Section ExprInd.
Variable P : expr -> Prop.
Hypothesis P_RVar : forall x, P (RVar x).
Hypothesis P_FVar : forall v, P (FVar v).
Hypothesis P_Op : forall o es, Forall P es -> P (Op o es).
Hypothesis P_Eq : forall a b, P a -> P b -> P (Eq a b).
Hypothesis P_FALSE : P FALSE.
Hypothesis P_Imp : forall a b, P a -> P b -> P (Imp a b).
Hypothesis P_All : forall x b, P b -> P (All x b).
Hypothesis P_Nab : forall b, P b -> P (Nab b).
Hypothesis P_Def : forall d es, Forall P es -> P (Def d es).

Fixpoint expr_ind_nested (e : expr) : P e :=
  let fix args (l : list expr) : Forall P l :=
    match l with
    | [] => Forall_nil P
    | a :: l' => Forall_cons a (expr_ind_nested a) (args l')
    end in
  match e with
  | RVar x => P_RVar x
  | FVar v => P_FVar v
  | Op o es => P_Op o es (args es)
  | Eq a b => P_Eq a b (expr_ind_nested a) (expr_ind_nested b)
  | FALSE => P_FALSE
  | Imp a b => P_Imp a b (expr_ind_nested a) (expr_ind_nested b)
  | All x b => P_All x b (expr_ind_nested b)
  | Nab b => P_Nab b (expr_ind_nested b)
  | Def d es => P_Def d es (args es)
  end.
End ExprInd.

Lemma fix_conj_Forall (P : expr -> Prop) (l : list expr) :
  (fix go (l : list expr) : Prop :=
     match l with [] => True | a :: l' => P a /\ go l' end) l -> Forall P l.
Proof. induction l; simpl; intros; [constructor | constructor; tauto]. Qed.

TASK DETAILS: Identify the lines in the entries that hold "with" and return each one.

RESULT FOR THIS EXERCISE:
    match l with
  match e with
     match l with [] => True | a :: l' => P a /\ go l' end) l -> Forall P l.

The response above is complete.